Toplu Yüzleşme
Şu günlerde yetkili sendika MEMUR-SEN, hükümet ile 5. Dönem için sözleşme masasında. Hükümetin teklifini reddeden yetkili sendika eylemsel kararlar aldı. Kısa süreli iş bırakma ve cüzdan bırakma gibi küçük ama mesajı büyük eylemler yapıldı. Sendikacılık eylem olmadan olmaz, sahaya çıkmadan ve meydanlara inmeden sesiniz cılız kalır. Masamız sözleşme masası ama başka bir bakış getirip, sözleşme yerine “yüzleşme” gerçekleştirsek diyorum.
Garip bir toplumuz. Toplumun her kesiminde karın ağrısı var. Herkesin bir diğeriyle hesabı var. Hesaplar birikiyor. Defterler kabarıyor. Kimse de yüzleşmeye yaklaşmıyor. Ertelenen hesaplar karın ağrısının şiddetini artırıyor. Toplumsal mutabakat azaldı veya yok olmak üzere. Bu ağrıyı giderecek veya gidermeye dönük çabaların da önü kesilmek isteniyor. Birileri bu ağrıdan medet umuyor. Bu ağrı, gerilimi ve bloklaşmayı beraberinde getiriyor. Bu bölünmüşlük içinde daha küçük gruplara ayrılan toplumsal kesimler daha kolay yönetiliyor.
Şimdi masada bir sendika var ama masanın dışında da çok sendika var. Dışarıdaki sendikalar, masaya oturan sendikanın başarısızlığını bekliyor, toplum nezdinden itibar kaybı yaşaması için hamleler yapıyor. Ne gerek var, bu küçük hesaplara! Bu ayrışma başta işverenin işine geliyor. Bu ayrışmadan başkaları da kendilerine alan açıyor, güç devşiriyor. Sadede gelecek olursak, herkesin otorite olma gayesi var, herkes rol peşinde. Herkes kendi doğrusunda ısrar ediyor. Restleşme bizi kurtarmaz, barıştırmaz.
Gelin yüzleşelim! Yüz yüze gelelim, oturup konuşalım. İşimiz düştüğü için değil, hâl hatır sormak için konuşalım. Bir fikri birlikte pişirelim. Birlikte kazanıp birlikte paylaşalım. Hükümet seçmeniyle yüzleşmeli; sendikalar da üyeleriyle. Maalesef yüzleşmeye yüzümüz kalmıyor. Gücü alana kadar meydandayız, halkın içindeyiz. Sonrasında halktan kaçıyoruz.

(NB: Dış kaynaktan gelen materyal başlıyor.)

(* (IG quadrature.) Let $\gamma>0$, $\delta>0$, $\sigma=\sqrt{\gamma\delta}$, $n\ge1$, and let $\{z_k\}_{k=1}^n$ and $\{h_k\}_{k=1}^n$ be the points and weights of the $n$-point Gauss--Hermite quadrature with respect to the standard normal density. Define $$ x_k=\frac{\delta}{\gamma}\,\phi_\sigma^{-1}(z_k),\qquad w_k=\frac{2h_k}{1+\phi_\sigma^{-1}(z_k)}. $$ Then $\{x_k\}$, $\{w_k\}$ serve as a numerical quadrature with respect to the density $f_{\mathrm{IG}}(x\,|\,\gamma,\delta)$ on $(0,\infty)$, and it is exact for moments of integer order $r$ with $1-n\le r\le n$: if $X\sim\mathrm{IG}(\gamma,\delta)$, then $\mathbb{E}(X^r)=\sum_{k=1}^n x_k^r\,w_k$ for every integer $r\in\{1-n,\dots,n\}$.
   Context: The inverse Gaussian distribution $\mathrm{IG}(\gamma,\delta)$ has density $f_{\mathrm{IG}}(x\,|\,\gamma,\delta)=\frac{\delta}{\sqrt{2\pi x^3}}\exp\left(-\frac{(\gamma x-\delta)^2}{2x}\right)$ for $x>0$. The Gauss--Hermite quadrature here is with respect to $n(z)=e^{-z^2/2}/\sqrt{2\pi}$: $z_k$ are the roots of the probabilists' Hermite polynomial $He_n$ and the weights $h_k$ satisfy $\sum_k h_k q(z_k)=\int q(z)n(z)\,dz$ for all polynomials $q$ of degree at most $2n-1$. For $\sigma>0$, $\phi_\sigma^{-1}(z)=1+\frac{z^2}{2\sigma^2}+\frac{z}{\sigma}\sqrt{1+\frac{z^2}{4\sigma^2}}$ is the inverse of $\phi_\sigma(x)=\sigma\left(\sqrt{x}-\frac{1}{\sqrt{x}}\right)$, $x>0$. *)

From Stdlib Require Import Reals Lra ZArith.
From Coquelicot Require Import Coquelicot.
Open Scope R_scope.

Fixpoint fsum (n : nat) (f : nat -> R) : R :=
  match n with
  | O => 0
  | S m => fsum m f + f m
  end.

Fixpoint He (n : nat) (x : R) : R :=
  match n with
  | O => 1
  | S m =>
      match m with
      | O => x
      | S p => x * He m x - INR m * He p x
      end
  end.

Definition ndens (z : R) : R := exp (- z ^ 2 / 2) / sqrt (2 * PI).

Definition f_IG (gamma delta x : R) : R :=
  delta / sqrt (2 * PI * x ^ 3) * exp (- (gamma * x - delta) ^ 2 / (2 * x)).

Definition phi_inv (sigma z : R) : R :=
  1 + z ^ 2 / (2 * sigma ^ 2) + z / sigma * sqrt (1 + z ^ 2 / (4 * sigma ^ 2)).

(* (z_k)_{k<n}, (h_k)_{k<n} are the n-point Gauss-Hermite nodes and weights
   w.r.t. the standard normal density: the z_k are the n distinct roots of He_n,
   and sum_k h_k q(z_k) = int_R q(z) n(z) dz for every polynomial q of degree
   <= 2n-1 (q given by its coefficients c_0, ..., c_{2n-1}). *)
Definition gauss_hermite (n : nat) (z h : nat -> R) : Prop :=
  (forall k, (k < n)%nat -> He n (z k) = 0) /\
  (forall i j, (i < n)%nat -> (j < n)%nat -> z i = z j -> i = j) /\
  (forall c : nat -> R,
     is_RInt_gen
       (fun t => fsum (2 * n) (fun j => c j * t ^ j) * ndens t)
       (Rbar_locally m_infty) (Rbar_locally p_infty)
       (fsum n (fun k => h k * fsum (2 * n) (fun j => c j * z k ^ j)))).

Bir başka konu da sendikacılığın Türkiye’de hâlâ tam manasıyla oturmadığı noktasındadır. Hükümete siyaseten yakın bir sendikanın güçlü muhalefet etmesi imkânsız hâle geliyor. Çünkü hükümet, elindeki kadroları dağıtırken bu yakınlığa dikkat diyor. Bu durum pazarlık masasında sendikaların elini zayıflatıyor. Sendika, bir üyesini bürokraside iyi bir noktaya getirmek isteyebilir. Bu arzu, tüm sendikalar için masumca bir taleptir de. Hükümetin bir sendika üyesine “kıyak geçme” gibi bir ayrıcalığı olursa, ki bu durumlar oluyor, sizin de eliniz zayıflar. Ne yaparsanız yapın masaya zayıf oturursunuz. Bu genel bir durumdur Türkiye’de. Geçmişte var olan marazlı anlayış çok değişmedi. Hükümetin zokası ballı kadrolardır. Dikkat etmek lazım.
Gelin yüzleşelim!
Önce kendimizle başlayalım yüzleşmeye. Kendimize verdiğimiz sözlere bakalım. Sonra ailemize, komşumuza, akrabalarımıza, yakın çevremize, iş arkadaşlarımıza, amirlerimize, memurlarımıza… Yaşadığımız şehirle yüzleşelim. Ülkemizle yüzleşelim. Dünya ile yüzleşelim. Kâinata açılalım, açalım yüzümüzü. Herkes irtibat içinde olduğu her şeyle yüzleşmelidir. Nihayetinde asıl yüzleşme mahşerde olacaktır. O büyük güne hesap bırakmadan yüzleşelim.
“Toplu yüzleşme” olmadan Toplu Sözleşme olamaz bu toplumda. Bu arada, işverenin umursamaz tavrını anlamak da zor. MEMUR-SEN’in yükü daha ağır, işveren daha rahat. MEMUR-SEN, demokrasiyi tesis için şöyle böyle fedakârlık yaptık, büyümeden payımızı istiyoruz, diyor ama işveren dünü çabuk unutmuş ve vefasız yâr gibi yüzünü dönüyor. Anlaşılan kimse yüzleşmek istemiyor ama toplu yüzleşme olmadan hiçbir şey olmaz, bilinsin isteriz. Vesselam.